Editorial December 1999 Issue

Positively Convinced

Purely positive training: Seeing is believing.

Just when I started to think I knew something about dogs ... I had the pleasure of learning about a large and talented branch of the canine family tree that I knew nothing about: scent dogs. Best of all, I was delighted to discover that these dogs are trained to the highest levels of competency without the use of any force-based training methods.

Late last spring, I read a small item in my local paper announcing the arrival of some 70-plus Bloodhounds and other scent dogs in my town for a training clinic for scent dogs used for law enforcement. I called the host of the clinic, local police officer and Bloodhound handler, Jeff Schettler, to ask permission to attend one of the training sessions. “The public is welcome to come and watch,” he said, laughing, “but you’ll have to find us first!”

Schettler explained that there were six instructors, each leading handlers and their dogs through a different scenting challenge, working from locations throughout the area. For instance, they would be conducting a long-distance “manhunt” throughout the brushy Oakland hills, as well as practicing following trails in a highly trafficked city environment.

I selected a location where we were most likely to find one of the instructors, and set out with my son, Eli. We also brought Eli’s two best friends (twins Brendan and Michael) and their mom, Maureen. Our dog-loving neighbors and their Golden Retriever, Sadie, have been active participants in WDJ product tests and photo shoots since Day 1, so of course, we invited them along. On the drive to the clinic, I asked the boys if they knew what Bloodhounds were. “Those are the dogs that find you if you’re lost!” they all answered – and, then, “Can WE get lost?!” they all wanted to know.

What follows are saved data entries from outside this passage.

(* Let $A$ be an $F_n$-good $n\times n$ matrix. Then: (1) Any entry $1$ in column $1$ of $A$ lies in row $1$ or row $n$; similarly any entry $1$ in column $n$ lies in row $1$ or row $n$. (2) Each of the rows $A_2,A_3,\ldots,A_{n-1}$ is a standard basis vector $\vec{e}_j$ (a row of the identity matrix $I_n$), and these $n-2$ rows are pairwise distinct. (3) Each of the rows $A_1$ and $A_n$ contains either one or two entries equal to $1$. (4) Row $A_1$ has an entry $1$ in column $1$ or in column $n$, and the same holds for row $A_n$. If $A_1$ (resp. $A_n$) has a second entry equal to $1$, it lies in column $3$ or column $n-2$.
   Context: $F_n$ is the set of vectors $\vec{x}=(x_1,\ldots,x_n)\in\mathbb{Z}_2^n$ with no $i$ such that $x_i=x_{i+1}=1$. An $n\times n$ matrix $A$ over $\mathbb{Z}_2$ is $F_n$-good if it is invertible and $A\vec{x}\in F_n$ for all $\vec{x}\in F_n$. $A_i$ denotes the $i$-th row of $A$, $A_{i,j}$ its $(i,j)$ entry, and $\vec{e}_j$ the $j$-th standard basis vector of $\mathbb{Z}_2^n$. *)

From HB Require Import structures.
From mathcomp Require Import all_boot all_order all_algebra.
Set Implicit Arguments. Unset Strict Implicit. Unset Printing Implicit Defensive.
Import GRing.Theory.
Local Open Scope ring_scope.

(* Vectors of Z_2^n are column vectors 'cV['F_2]_n; index i : 'I_n stands for
   the paper's index i+1. *)

Definition inFn (n : nat) (x : 'cV['F_2]_n) : Prop :=
  forall (i j : 'I_n), nat_of_ord j = (nat_of_ord i).+1 ->
    ~ (x i 0 = 1 /\ x j 0 = 1).

Definition Fn_good (n : nat) (A : 'M['F_2]_n) : Prop :=
  A \in unitmx /\ forall x : 'cV['F_2]_n, inFn x -> inFn (A *m x).

From HB Require Import structures.
From mathcomp Require Import all_boot all_order all_algebra zify.
Set Implicit Arguments.
Unset Strict Implicit.
Unset Printing Implicit Defensive.

(* Feeding A the vectors e_j and e_j + e_k, both in F_n when j and k are not
   adjacent, shows that a 1 in row r and a 1 in row r+1 always lie in adjacent
   columns.  An invertible matrix has nonzero, pairwise distinct rows, so two
   rows whose ones are all forced into one common column must coincide.
   Applied to the two neighbours of an inner row, this forbids a 1 of that row
   in column 1 or n, and forbids two ones in it.  The ones of an end row are
   all adjacent to a single 1 of the neighbouring row, so there are at most
   two of them, and two of them sit two columns apart. *)

Import GRing.Theory.
Local Open Scope ring_scope.

Lemma F2_neq1 (x : 'F_2) : x != 1 -> x = 0.
Proof. by case: x => [[|[|m]] Hm] //= _; apply/val_inj. Qed.

Lemma F2_eq1_inj (x y : 'F_2) : (x == 1) = (y == 1) -> x = y.
Proof.
case: (eqVneq x 1) (eqVneq y 1) => [-> [-> //|//] | /F2_neq1-> [//|/F2_neq1->//]].
Qed.

Section UnitRows.
Variables (R : comUnitRingType) (n : nat) (A : 'M[R]_n).
Hypothesis unitA : A \in unitmx.

Let row_mulmxK i : row i A *m invmx A = delta_mx 0 i.
Proof. by rewrite rowE mulmxK. Qed.

Lemma unitmx_row_inj : injective (fun i => row i A).
Proof.
move=> i i' /(congr1 (mulmx^~ (invmx A))); rewrite /= !row_mulmxK.
move/matrixP/(_ 0 i); rewrite !mxE !eqxx /=.
by case: eqP => // _ /eqP; rewrite oner_eq0.
Qed.

Lemma unitmx_row_neq0 i : row i A != 0.
Proof.
apply/eqP=> Ai0; have /matrixP/(_ 0 i) := row_mulmxK i.
by rewrite Ai0 mul0mx !mxE !eqxx => /eqP; rewrite eq_sym oner_eq0.
Qed.

End UnitRows.

Definition ones m n (A : 'M['F_2]_(m, n)) (i : 'I_m) : {set 'I_n} :=
  [set j | A i j == 1].

Lemma ones_inj n (A : 'M['F_2]_n) : A \in unitmx -> injective (ones A).
Proof.
move=> unitA i i' /setP eq_ones; apply: (unitmx_row_inj unitA); apply/rowP => j.
by rewrite !mxE; apply: F2_eq1_inj; have := eq_ones j; rewrite !inE.
Qed.

Lemma row_has_one n (A : 'M['F_2]_n) i : A \in unitmx -> exists j, A i j = 1.
Proof.
move=> unitA; case: (pickP (fun j => A i j == 1)) => [j /eqP|no_one]; first by exists j.
case/eqP: (unitmx_row_neq0 unitA i); apply/rowP => j.
by rewrite !mxE; apply: F2_neq1; rewrite no_one.
Qed.

Lemma col_has_one n (A : 'M['F_2]_n) j : A \in unitmx -> exists i, A i j = 1.
Proof.
by rewrite -unitmx_tr => /(row_has_one j)[i]; rewrite mxE; exists i.
Qed.

Lemma single_common_one_eq n (A : 'M['F_2]_n) a b : A \in unitmx ->
  (forall k k', A a k = 1 -> A b k' = 1 -> k = k') -> a = b.
Proof.
move=> unitA same; apply: (ones_inj unitA).
have [ka Aaka] := row_has_one a unitA; have [kb Abkb] := row_has_one b unitA.
apply/setP => k; rewrite !inE; apply/eqP/eqP => [Aak|Abk].
  by rewrite (same _ _ Aak Abkb).
by rewrite -(same _ _ Aaka Abk).
Qed.

Definition adjacent (j k : nat) := (j.+1 == k) || (k.+1 == j).

Lemma adjacentC j k : adjacent j k = adjacent k j.
Proof. by rewrite /adjacent orbC. Qed.

Definition extremal n (i : 'I_n) : Prop := nat_of_ord i = 0%N \/ nat_of_ord i = n.-1.

Section Indices.
Variable n : nat.
Implicit Type i : 'I_n.

Lemma extremal_or_inner i : extremal i \/ (0 < i < n.-1)%N.
Proof. by rewrite /extremal; have := ltn_ord i; lia. Qed.

Lemma inner_neighbours i : (0 < i < n.-1)%N ->
  exists a b : 'I_n, [/\ adjacent a i, adjacent b i & a != b].
Proof.
move=> i_inner; have lt_pred : (i.-1 < n)%N by lia.
have lt_succ : (i.+1 < n)%N by lia.
by exists (Ordinal lt_pred), (Ordinal lt_succ); rewrite /adjacent -val_eqE /=; split; lia.
Qed.

Lemma exists_adjacent i : (1 < n)%N -> exists r : 'I_n, adjacent r i.
Proof.
move=> n_gt1; have [i0|i_gt0] := posnP i; first by exists (Ordinal n_gt1); rewrite /adjacent i0.
have lt_pred : (i.-1 < n)%N by have := ltn_ord i; lia.
by exists (Ordinal lt_pred); rewrite /adjacent /=; lia.
Qed.

Lemma card_adjacent_le2 (S : {set 'I_n}) t :
  {in S, forall k : 'I_n, adjacent t k} -> (#|S| <= 2)%N.
Proof.
move=> S_adj; rewrite cardE -(size_map (@nat_of_ord n)).
apply: (@leq_trans (size [:: t.-1; t.+1])) => //; apply: uniq_leq_size.
  by rewrite map_inj_uniq ?enum_uniq //; exact: ord_inj.
move=> x /mapP[k]; rewrite mem_enum => /S_adj tk ->; move: tk; rewrite /adjacent !inE; lia.
Qed.

End Indices.

Lemma inFn_delta n (j : 'I_n) : inFn (delta_mx j 0 : 'cV['F_2]_n).
Proof.
move=> i i' ii'; rewrite !mxE !andbT.
case: (i =P j) => [ij|_]; case: (i' =P j) => [i'j|_]; try by case=> /eqP.
by move: ii'; rewrite ij i'j; lia.
Qed.

Lemma inFn_delta2 n (j k : 'I_n) :
  ~~ adjacent j k -> inFn (delta_mx j 0 + delta_mx k 0 : 'cV['F_2]_n).
Proof.
move=> not_jk i i' ii'.
have supp l : (delta_mx j 0 + delta_mx k 0 : 'cV['F_2]_n) l 0 = 1 -> (l == j) || (l == k).
  by rewrite !mxE !andbT; do 2 case: eqP.
move=> [/supp]; rewrite -!val_eqE /= => ij /supp; rewrite -!val_eqE /= => i'j.
by move: not_jk; rewrite /adjacent; lia.
Qed.

Section FnGood.
Variables (n : nat) (A : 'M['F_2]_n).
Hypothesis goodA : Fn_good A.
Let unitA : A \in unitmx := goodA.1.

Let next_rows_adjacent_ones (r s j k : 'I_n) :
  s = r.+1 :> nat -> A r j = 1 -> A s k = 1 -> adjacent j k.
Proof.
move=> rs Arj Ask.
have no_common_col c : A r c = 1 -> A s c = 1 -> False.
  by move=> Arc Asc; apply: (goodA.2 _ (inFn_delta (j := c)) r s rs); rewrite -colE !mxE.
apply/negPn/negP => not_jk.
have Ark : A r k = 0 by apply: F2_neq1; apply/eqP => /no_common_col; apply.
have Asj : A s j = 0 by apply: F2_neq1; apply/eqP; apply: no_common_col.
apply: (goodA.2 _ (inFn_delta2 not_jk) r s rs).
by rewrite mulmxDr -!colE !mxE Arj Ark Asj Ask addr0 add0r.
Qed.

Lemma Fn_good_adjacent_ones (r s j k : 'I_n) :
  adjacent r s -> A r j = 1 -> A s k = 1 -> adjacent j k.
Proof.
case/orP=> /eqP/esym rs Arj Ask; first exact: next_rows_adjacent_ones rs Arj Ask.
by rewrite adjacentC; apply: next_rows_adjacent_ones rs Ask Arj.
Qed.

Lemma Fn_good_end_col_ones i j : extremal j -> A i j = 1 -> extremal i.
Proof.
move=> j_end Aij; case: (extremal_or_inner i) => // /inner_neighbours[a [b [ai bi]]].
case/negP; apply/eqP/(single_common_one_eq unitA) => k k' Aak Abk'; apply: val_inj => /=.
move: j_end (ltn_ord k) (ltn_ord k').
move: (Fn_good_adjacent_ones ai Aak Aij) (Fn_good_adjacent_ones bi Abk' Aij).
rewrite /extremal /adjacent; lia.
Qed.

Lemma Fn_good_inner_row_delta (i : 'I_n) :
  (0 < i < n.-1)%N -> exists k, row i A = delta_mx 0 k.
Proof.
case/inner_neighbours=> a [b [ai bi ab]]; have [k0 Aik0] := row_has_one i unitA.
have single k : A i k = 1 -> k = k0.
  move=> Aik; apply/eqP/negPn/negP; rewrite -val_eqE /= => kk0.
  case/negP: ab; apply/eqP/(single_common_one_eq unitA) => m m' Aam Abm'.
  apply: val_inj => /=; move: kk0.
  move: (Fn_good_adjacent_ones ai Aam Aik) (Fn_good_adjacent_ones ai Aam Aik0).
  move: (Fn_good_adjacent_ones bi Abm' Aik) (Fn_good_adjacent_ones bi Abm' Aik0).
  rewrite /adjacent; lia.
exists k0; apply/rowP => k; rewrite !mxE eqxx /=.
by case: eqP => [->//|/eqP kk0]; apply: F2_neq1; exact: contra_neq (single k) kk0.
Qed.

Lemma Fn_good_card_ones_le2 (i : 'I_n) : (#|ones A i| <= 2)%N.
Proof.
have [n_le1|n_gt1] := leqP n 1.
  by apply: leq_trans (max_card _) _; rewrite card_ord; lia.
have [r ri] := exists_adjacent i n_gt1; have [t Art] := row_has_one r unitA.
apply: (@card_adjacent_le2 _ _ t) => k; rewrite inE => /eqP.
exact: Fn_good_adjacent_ones ri Art.
Qed.

Lemma Fn_good_end_row_end_one (i : 'I_n) :
  extremal i -> exists j, extremal j /\ A i j = 1.
Proof.
move=> i_end; have [k0 Aik0] := row_has_one i unitA.
have [n_le2|n_gt2] := leqP n 2.
  by exists k0; split=> //; rewrite /extremal; have := ltn_ord k0; lia.
have lt0 : (0 < n)%N by lia.
have lt_last : (n.-1 < n)%N by lia.
pose c0 := Ordinal lt0; pose c1 := Ordinal lt_last.
have [r0 Ar0] := col_has_one c0 unitA; have [r1 Ar1] := col_has_one c1 unitA.
have [<-|r0i] := eqVneq r0 i; first by exists c0; split=> //; left.
have [<-|r1i] := eqVneq r1 i; first by exists c1; split=> //; right.
have r0_end : extremal r0 by apply: Fn_good_end_col_ones Ar0; left.
have r1_end : extremal r1 by apply: Fn_good_end_col_ones Ar1; right.
have r10 : r1 = r0.
  by apply: val_inj; move: r0i r1i r0_end r1_end i_end; rewrite -!val_eqE /extremal /=; lia.
rewrite {}r10 in Ar1.
have [r r_r0] := exists_adjacent r0 (ltnW n_gt2); have [t Art] := row_has_one r unitA.
have t0 := Fn_good_adjacent_ones r_r0 Art Ar0.
have t_last := Fn_good_adjacent_ones r_r0 Art Ar1.
(* Row r has a 1 adjacent to both column 1 and column n: n = 3 and r is the middle row. *)
have r_i : adjacent r i.
  by move: t0 t_last r_r0 i_end r0_end (ltn_ord r); rewrite /adjacent /extremal /=; lia.
exists k0; split=> //; move: t0 t_last (Fn_good_adjacent_ones r_i Art Aik0) (ltn_ord k0).
by rewrite /adjacent /extremal /=; lia.
Qed.

Lemma Fn_good_end_row_second_one (i a b : 'I_n) :
  extremal i -> a != b -> A i a = 1 -> A i b = 1 -> extremal a ->
  nat_of_ord b = 2%N \/ nat_of_ord b = (n - 3)%N.
Proof.
move=> i_end ab Aia Aib a_end.
have n_gt1 : (1 < n)%N by move: ab (ltn_ord a) (ltn_ord b); rewrite -val_eqE /=; lia.
have [r ri] := exists_adjacent i n_gt1; have [t Art] := row_has_one r unitA.
move: ab a_end (ltn_ord b).
move: (Fn_good_adjacent_ones ri Art Aia) (Fn_good_adjacent_ones ri Art Aib).
by rewrite -val_eqE /adjacent /extremal /=; lia.
Qed.

Lemma Fn_good_end_row_two_ones (i : 'I_n) : extremal i -> #|ones A i| = 2%N ->
  exists j1 j2 : 'I_n, j1 != j2 /\ A i j1 = 1 /\ A i j2 = 1 /\ extremal j1 /\
    (nat_of_ord j2 = 2%N \/ nat_of_ord j2 = (n - 3)%N).
Proof.
move=> i_end /eqP/cards2P[x [y [xy ones_i]]].
have one_at k : k \in [set x; y] -> A i k = 1 by rewrite -ones_i inE => /eqP.
have Aix : A i x = 1 by apply: one_at; rewrite !inE eqxx.
have Aiy : A i y = 1 by apply: one_at; rewrite !inE eqxx orbT.
have [j0 [j0_end Aij0]] := Fn_good_end_row_end_one i_end.
have : j0 \in [set x; y] by rewrite -ones_i inE Aij0.
rewrite !inE => /orP[]/eqP j0E; rewrite j0E in j0_end.
  exists x, y; do !split=> //.
  exact: Fn_good_end_row_second_one i_end xy Aix Aiy j0_end.
rewrite eq_sym in xy; exists y, x; do !split=> //.
exact: Fn_good_end_row_second_one i_end xy Aiy Aix j0_end.
Qed.

End FnGood.

(* 0-based indices: row/column 1 = 0, n = n-1, 3 = 2, n-2 = n-3 *)
Theorem corollary1 (n : nat) (A : 'M['F_2]_n) :
  Fn_good A ->
  (* (1) *)
  (forall i j : 'I_n,
      (nat_of_ord j = 0%N \/ nat_of_ord j = n.-1) -> A i j = 1 ->
      nat_of_ord i = 0%N \/ nat_of_ord i = n.-1) /\
  (* (2) *)
  (forall i : 'I_n, (0 < nat_of_ord i < n.-1)%N ->
      exists k : 'I_n, row i A = delta_mx 0 k) /\
  (forall i1 i2 : 'I_n, (0 < nat_of_ord i1 < n.-1)%N ->
      (0 < nat_of_ord i2 < n.-1)%N -> row i1 A = row i2 A -> i1 = i2) /\
  (* (3) and (4), for rows 1 and n *)
  (forall i : 'I_n, (nat_of_ord i = 0%N \/ nat_of_ord i = n.-1) ->
      (1 <= #|[set j : 'I_n | A i j == 1%R]| <= 2)%N /\
      (exists j : 'I_n, (nat_of_ord j = 0%N \/ nat_of_ord j = n.-1) /\ A i j = 1) /\
      (#|[set j : 'I_n | A i j == 1%R]| = 2%N ->
         exists j1 j2 : 'I_n, j1 != j2 /\ A i j1 = 1 /\ A i j2 = 1 /\
           (nat_of_ord j1 = 0%N \/ nat_of_ord j1 = n.-1) /\
           (nat_of_ord j2 = 2%N \/ nat_of_ord j2 = (n - 3)%N))).
Proof.
move=> goodA; have unitA := goodA.1.
split; first exact: Fn_good_end_col_ones goodA.
split; first exact: Fn_good_inner_row_delta goodA.
split; first by move=> i1 i2 _ _; apply: unitmx_row_inj.
move=> i i_end; split; last split.
- rewrite (Fn_good_card_ones_le2 goodA) andbT card_gt0.
  by have [j Aij] := row_has_one i unitA; apply/set0Pn; exists j; rewrite inE Aij.
- exact: Fn_good_end_row_end_one goodA i i_end.
- exact: Fn_good_end_row_two_ones goodA i i_end.
Qed.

We found a group right away. I introduced myself and my companions to the instructor and asked permission to take photos of the session. I also mentioned that the three seven-year-olds with me were eager to “get lost” for the dogs. “Tell you what,” said the instructor, Timothy McClung, Chief of Police in Perkins Township, Sandusky, Ohio. “We were going to do something called a ‘split trail’ exercise. We could use one kid to act like a kidnap victim.” He pointed to one of the students in the class, a towering man with a shaved head, a thick black moustache, dressed in heavy black Army boots and a green Army fatigues. “He’s going to be the kidnapper.” Suddenly the kids weren’t so sure about volunteering!

This “split trail” exercise was where my education about these amazing dogs began. The exercise replicated a situation where someone was kidnapped; you want to find the victim, but then you’d like to find the unknown kidnapper, too. First, the instructor rubbed a small square of gauze on the head of Brendan, the chosen “victim.” He put the gauze in a Ziploc bag, and then the kidnapper picked Brendan up and carried him away to an unseen location in an apartment complex. Then he set the boy down, and hid himself somewhere else in the complex.

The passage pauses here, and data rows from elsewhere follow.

Definition mx_le (R : rcfType) (m n : nat) (X Y : 'M[R]_(m, n)) : Prop :=
  forall i j, X i j <= Y i j.
Definition mx_lt (R : rcfType) (m n : nat) (X Y : 'M[R]_(m, n)) : Prop :=
  forall i j, X i j < Y i j.

Definition in_range (R : rcfType) (m n : nat) (A : 'M[R]_(m, n)) (y : 'cV[R]_m) : Prop :=
  exists x : 'cV[R]_n, y = A *m x.
Definition in_null (R : rcfType) (m n : nat) (A : 'M[R]_(m, n)) (x : 'cV[R]_n) : Prop :=
  A *m x = 0.

Definition proper_splitting (R : rcfType) (m n : nat) (A U V : 'M[R]_(m, n)) : Prop :=
  [/\ A = U - V,
      (forall y, in_range U y <-> in_range A y) &
      (forall x, in_null U x <-> in_null A x)].

(* spectral radius: max modulus of the (complex) eigenvalues, i.e. of the
   roots in R[i] of the characteristic polynomial (0 for the empty matrix). *)
Definition spectral_radius (R : rcfType) (n : nat) (M : 'M[R]_n) : R :=
  let p := char_poly (map_mx (real_complex R) M) in
  \big[Num.max/0]_(z <- sval (closed_field_poly_normal p)) Normc.normc z.

(* convergent splitting: rho(U^+ V) < 1, where Ud is the MP inverse of U *)
Definition convergent_splitting (R : rcfType) (m n : nat)
    (U V : 'M[R]_(m, n)) (Ud : 'M[R]_(n, m)) : Prop :=
  spectral_radius (Ud *m V) < 1.

Definition pns_type_I (R : rcfType) (m n : nat) (A U V : 'M[R]_(m, n)) (Ud : 'M[R]_(n, m)) : Prop :=
  proper_splitting A U V /\ mx_le 0 (Ud *m V).
Definition pns_type_II (R : rcfType) (m n : nat) (A U V : 'M[R]_(m, n)) (Ud : 'M[R]_(n, m)) : Prop :=
  proper_splitting A U V /\ mx_le 0 (V *m Ud).

From mathcomp Require Import all_boot all_order all_algebra.
From mathcomp Require Import closed_field complex polyrcf.
Import Order.TTheory GRing.Theory Num.Theory.
Local Open Scope ring_scope.
Set Implicit Arguments. Unset Strict Implicit. Unset Printing Implicit Defensive.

About 40 minutes later, one of the students, reserve police officer Dennis Slavin, of South Pasadena, California, brought out his dog, Tinkerbelle. One whiff of Brendan’s gauze, and the dog took off like a shot, baying with excitement. Despite the fact that Brendan’s feet never even touched the ground, with a scent so fresh, Tinkerbelle didn’t hesitate; she ran straight to where the boy was hidden. Slavin praised her, and immediately gave her the command to search again. She gave Brendan another sniff – and took off baying again, straight to where the “kidnapper” was hiding.

All I can say is, if, God forbid, anyone I know ever disappears for real, I’m calling for a positively trained Bloodhound, first thing.